Idea of “earning” health care may be rooted in America’s slaveholding past

http://californiaonecare.org/idea-of-earning-health-care-may-be-rooted-in-americas-slaveholding-past/

I just recently came across this essay in OpEd News by Cecile Lawrence titled “Universal health care in the U.S. v. the peculiar institution,” connecting the absence to the right to health care in the United States to the legacy of slavery. Furthermore, America’s troubled racial history is a major reason for the country’s paltry social safety net. That relationship has even more resonance now as uprisings over the killings of unarmed black people by police and vigilantes roil from Oakland to Ferguson, Mo., to Baltimore. America has always projected an image of itself to the rest of the world that is false: that of the land of freedom, liberty, opportunity and equal rights. The country is being forced to confront the truth about itself: that it is and has always been the “land of freedom and opportunity” only for some. The right to “life, liberty and the pursuit of happiness” as written in the Declaration of Independence was only meant for the white men who established the United States and those like them.
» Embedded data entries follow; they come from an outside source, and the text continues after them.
Lemma rim_hook_rows_partition : exists m, is_partition m /\ nth 0 m =1 mr.
Proof.
have [_ out _ _ _] := rows.
apply: (antitone_partition rim_hook_rows_anti (N := size l + c.+1)).
by rewrite out ?nth_default //; [lia | right; lia].
Qed.

End RimHookRowsFun.

Definition skew_reach (l m : seq nat) (x y : nat * nat) : Prop :=
  exists p, [/\ path adjacent x p, last x p = y & all (in_skew l m) p].

Lemma adjacent_sym : symmetric adjacent.
Proof.
move=> [x1 x2] [y1 y2]; rewrite /adjacent /= [x1 == y1]eq_sym [x2 == y2]eq_sym.
by rewrite [(x2 == _) || _]orbC [(x1 == _) || _]orbC.
Qed.

Section SkewReach.

Variables l m : seq nat.

Lemma skew_reach_refl x : skew_reach l m x x.
Proof. by exists [::]. Qed.

Lemma skew_reach_step x y : adjacent x y -> in_skew l m y -> skew_reach l m x y.
Proof. by move=> adj_xy skew_y; exists [:: y]; rewrite /= adj_xy skew_y. Qed.

Lemma skew_reach_trans y x z : skew_reach l m x y -> skew_reach l m y z -> skew_reach l m x z.
Proof.
move=> [p [path_p last_p all_p]] [q [path_q last_q all_q]]; exists (p ++ q).
by rewrite cat_path last_cat last_p all_cat path_p path_q all_p all_q.
Qed.

Lemma skew_reach_sym x y : in_skew l m x -> skew_reach l m x y -> skew_reach l m y x.
Proof.
move=> skew_x [p [path_p <- all_p]]; exists (rev (belast x p)); split.
- by rewrite rev_path (eq_path (e' := adjacent) _) // => u v; rewrite adjacent_sym.
- by case: p {path_p all_p} => [|z p] //=; rewrite rev_cons last_rcons.
- rewrite all_rev; elim: p x skew_x {path_p} all_p => [|z p IHp] x //= -> /andP[skew_z all_p].
  exact: IHp.
Qed.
As the essay above mentioned, inequality was built into the DNA of the U.S. Constitution, and slavery built American capitalism (a book outlining the latter point in detail, but not mentioned in Lawrence’s essay, is Edward Baptist’s The Half Has Never Been Told: Slavery and the Making of American Capitalism). Lawrence notes that the cultural attitude in America is that everyone living here who isn’t wealthy is only useful for doing
wage work…for the benefit of the capitalist system.

I would add that those who, for various reasons, don’t work, can’t work or can’t find work are seen as “less than,” “surplus” or “useless” (with the exception of retirees). American society makes it extremely difficult for such people to survive, let alone thrive, and they are resented by others for taking public assistance, the reason being that they “haven’t earned it.” Never mind that every American uses at least one government program of some kind (the mortgage interest deduction is a popular middle class government program).

Having to “earn” health care – rather than it being a right conferred to people by virtue of being born and/or living in America – is a principle embedded in racist culture. I believe it is the principle by which the U.S. stubbornly clings to the inefficient and unfair system of employer-provided private health coverage. One must “work” to have access to high quality health coverage, preferably at a good-paying, middle class job. If you are unfortunate enough to only land low-wage work, because of lack of education or a bad economy, and your employer doesn’t provide health coverage, you were left with nothing at all before the Affordable Care Act passed, or with lower-tier Medicaid after the law passed. For many poor people living in states where Republican-controlled legislatures have refused to expand Medicaid, the situation is the same as before health reform.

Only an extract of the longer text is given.